> **Exercise requirements**
Range to output from the entries below: the line containing "Lemma psd_opsum (I" through the line containing "by apply: hermitian_opsum => // t /psdZ[].". Set it down exactly, ends included, nothing else.

> **The data**

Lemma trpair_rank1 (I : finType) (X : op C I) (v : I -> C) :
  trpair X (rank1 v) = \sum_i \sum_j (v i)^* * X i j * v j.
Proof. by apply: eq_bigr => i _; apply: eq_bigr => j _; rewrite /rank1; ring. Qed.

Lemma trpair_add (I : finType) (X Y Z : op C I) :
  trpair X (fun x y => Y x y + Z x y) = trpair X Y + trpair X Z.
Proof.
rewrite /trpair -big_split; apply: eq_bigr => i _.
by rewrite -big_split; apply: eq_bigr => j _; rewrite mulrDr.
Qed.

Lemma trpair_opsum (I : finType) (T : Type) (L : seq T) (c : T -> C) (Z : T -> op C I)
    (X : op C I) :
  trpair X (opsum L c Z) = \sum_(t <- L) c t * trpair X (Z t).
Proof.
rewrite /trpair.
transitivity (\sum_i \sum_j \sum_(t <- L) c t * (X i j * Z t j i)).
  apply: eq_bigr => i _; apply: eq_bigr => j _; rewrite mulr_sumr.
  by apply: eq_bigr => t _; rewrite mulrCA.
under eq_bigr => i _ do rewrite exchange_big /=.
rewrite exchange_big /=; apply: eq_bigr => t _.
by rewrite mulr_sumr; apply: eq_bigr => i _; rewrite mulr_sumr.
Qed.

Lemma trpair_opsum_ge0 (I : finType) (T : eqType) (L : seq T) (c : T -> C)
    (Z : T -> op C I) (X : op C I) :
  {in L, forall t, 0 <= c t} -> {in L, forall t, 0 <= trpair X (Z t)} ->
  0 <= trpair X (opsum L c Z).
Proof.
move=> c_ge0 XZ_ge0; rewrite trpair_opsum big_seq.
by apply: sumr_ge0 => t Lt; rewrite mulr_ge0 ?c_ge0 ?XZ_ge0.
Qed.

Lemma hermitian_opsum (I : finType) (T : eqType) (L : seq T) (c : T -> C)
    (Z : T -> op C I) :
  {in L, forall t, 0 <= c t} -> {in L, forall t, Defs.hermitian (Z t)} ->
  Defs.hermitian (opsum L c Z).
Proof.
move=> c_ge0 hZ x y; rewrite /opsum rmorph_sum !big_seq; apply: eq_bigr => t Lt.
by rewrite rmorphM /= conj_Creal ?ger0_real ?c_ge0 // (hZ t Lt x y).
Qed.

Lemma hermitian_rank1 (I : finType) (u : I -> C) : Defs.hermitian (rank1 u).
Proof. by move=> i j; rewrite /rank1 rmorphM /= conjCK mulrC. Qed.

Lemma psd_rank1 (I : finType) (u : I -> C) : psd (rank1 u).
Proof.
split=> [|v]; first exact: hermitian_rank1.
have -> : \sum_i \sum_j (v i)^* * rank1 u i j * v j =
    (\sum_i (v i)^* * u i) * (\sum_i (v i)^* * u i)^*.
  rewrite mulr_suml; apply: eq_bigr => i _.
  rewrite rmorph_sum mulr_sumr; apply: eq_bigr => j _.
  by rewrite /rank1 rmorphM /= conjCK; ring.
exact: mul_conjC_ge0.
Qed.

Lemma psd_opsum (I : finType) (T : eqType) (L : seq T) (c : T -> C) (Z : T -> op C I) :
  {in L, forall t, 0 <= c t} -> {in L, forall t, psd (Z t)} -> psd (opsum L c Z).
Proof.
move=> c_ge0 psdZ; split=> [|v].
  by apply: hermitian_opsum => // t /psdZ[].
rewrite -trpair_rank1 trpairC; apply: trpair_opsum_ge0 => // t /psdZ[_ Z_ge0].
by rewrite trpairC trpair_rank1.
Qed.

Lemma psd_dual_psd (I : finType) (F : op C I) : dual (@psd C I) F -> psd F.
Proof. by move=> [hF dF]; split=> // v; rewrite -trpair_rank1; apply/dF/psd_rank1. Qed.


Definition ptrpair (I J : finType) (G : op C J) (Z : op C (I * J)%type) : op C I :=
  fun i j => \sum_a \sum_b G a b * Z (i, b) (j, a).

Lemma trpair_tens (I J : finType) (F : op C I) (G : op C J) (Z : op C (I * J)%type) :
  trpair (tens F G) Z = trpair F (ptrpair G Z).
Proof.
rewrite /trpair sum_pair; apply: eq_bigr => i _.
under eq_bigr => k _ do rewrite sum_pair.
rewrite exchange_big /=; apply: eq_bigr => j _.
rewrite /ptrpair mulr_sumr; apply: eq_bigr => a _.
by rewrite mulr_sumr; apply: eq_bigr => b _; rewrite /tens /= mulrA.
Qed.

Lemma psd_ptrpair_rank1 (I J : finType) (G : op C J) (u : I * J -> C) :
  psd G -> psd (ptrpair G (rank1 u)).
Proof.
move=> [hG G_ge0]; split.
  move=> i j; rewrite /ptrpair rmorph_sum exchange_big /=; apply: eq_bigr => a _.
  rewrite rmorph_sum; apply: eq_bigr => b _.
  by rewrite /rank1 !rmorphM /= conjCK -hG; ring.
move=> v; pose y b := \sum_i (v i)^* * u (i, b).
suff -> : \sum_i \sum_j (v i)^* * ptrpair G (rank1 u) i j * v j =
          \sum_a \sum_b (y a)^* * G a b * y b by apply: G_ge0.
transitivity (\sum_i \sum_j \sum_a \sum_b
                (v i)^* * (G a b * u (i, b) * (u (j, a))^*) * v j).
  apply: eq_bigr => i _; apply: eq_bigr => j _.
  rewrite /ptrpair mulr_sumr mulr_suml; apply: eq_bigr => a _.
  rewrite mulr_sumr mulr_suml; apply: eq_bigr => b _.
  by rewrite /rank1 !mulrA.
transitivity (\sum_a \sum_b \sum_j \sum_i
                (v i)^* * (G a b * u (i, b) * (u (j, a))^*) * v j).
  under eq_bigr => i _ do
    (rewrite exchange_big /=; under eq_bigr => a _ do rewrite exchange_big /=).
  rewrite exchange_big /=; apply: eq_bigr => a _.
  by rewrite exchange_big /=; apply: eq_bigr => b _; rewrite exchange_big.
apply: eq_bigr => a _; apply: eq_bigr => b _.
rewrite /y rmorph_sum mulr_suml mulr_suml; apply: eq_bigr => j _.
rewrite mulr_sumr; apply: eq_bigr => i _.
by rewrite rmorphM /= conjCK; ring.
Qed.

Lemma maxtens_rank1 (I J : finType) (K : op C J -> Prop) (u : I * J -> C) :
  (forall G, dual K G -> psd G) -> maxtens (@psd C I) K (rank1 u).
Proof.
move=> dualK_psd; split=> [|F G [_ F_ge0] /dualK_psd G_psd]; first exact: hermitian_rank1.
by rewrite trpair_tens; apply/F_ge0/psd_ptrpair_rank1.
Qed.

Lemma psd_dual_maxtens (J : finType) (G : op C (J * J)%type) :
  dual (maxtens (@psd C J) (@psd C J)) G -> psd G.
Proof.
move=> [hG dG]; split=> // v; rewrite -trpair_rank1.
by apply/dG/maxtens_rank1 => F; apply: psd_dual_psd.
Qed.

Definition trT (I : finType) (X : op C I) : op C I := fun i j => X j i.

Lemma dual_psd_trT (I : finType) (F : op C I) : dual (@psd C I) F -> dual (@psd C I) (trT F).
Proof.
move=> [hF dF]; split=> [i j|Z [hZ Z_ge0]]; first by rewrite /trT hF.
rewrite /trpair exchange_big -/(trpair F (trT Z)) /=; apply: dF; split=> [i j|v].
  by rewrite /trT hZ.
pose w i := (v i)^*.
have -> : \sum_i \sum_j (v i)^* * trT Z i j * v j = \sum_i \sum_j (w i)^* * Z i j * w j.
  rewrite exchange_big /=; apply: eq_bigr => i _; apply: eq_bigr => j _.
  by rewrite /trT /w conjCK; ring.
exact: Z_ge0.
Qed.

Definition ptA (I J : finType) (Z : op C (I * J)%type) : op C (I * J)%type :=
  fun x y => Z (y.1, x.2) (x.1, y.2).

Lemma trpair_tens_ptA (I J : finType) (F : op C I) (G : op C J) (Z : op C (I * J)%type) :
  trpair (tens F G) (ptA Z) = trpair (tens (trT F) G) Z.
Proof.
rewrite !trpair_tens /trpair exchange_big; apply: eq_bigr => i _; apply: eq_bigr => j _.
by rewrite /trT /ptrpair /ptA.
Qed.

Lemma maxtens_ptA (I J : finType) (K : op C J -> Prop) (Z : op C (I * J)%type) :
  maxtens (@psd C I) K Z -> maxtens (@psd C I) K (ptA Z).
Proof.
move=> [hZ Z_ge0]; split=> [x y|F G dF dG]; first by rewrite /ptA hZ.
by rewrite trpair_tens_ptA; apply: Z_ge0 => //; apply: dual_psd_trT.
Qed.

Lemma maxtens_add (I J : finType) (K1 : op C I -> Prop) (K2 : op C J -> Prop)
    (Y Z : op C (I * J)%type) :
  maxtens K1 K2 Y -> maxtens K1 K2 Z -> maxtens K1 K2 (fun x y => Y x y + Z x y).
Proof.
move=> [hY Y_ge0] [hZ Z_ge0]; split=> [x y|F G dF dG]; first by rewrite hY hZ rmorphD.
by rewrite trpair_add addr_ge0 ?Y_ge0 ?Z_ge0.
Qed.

> **Written answer**
Lemma psd_opsum (I : finType) (T : eqType) (L : seq T) (c : T -> C) (Z : T -> op C I) :
  {in L, forall t, 0 <= c t} -> {in L, forall t, psd (Z t)} -> psd (opsum L c Z).
Proof.
move=> c_ge0 psdZ; split=> [|v].
  by apply: hermitian_opsum => // t /psdZ[].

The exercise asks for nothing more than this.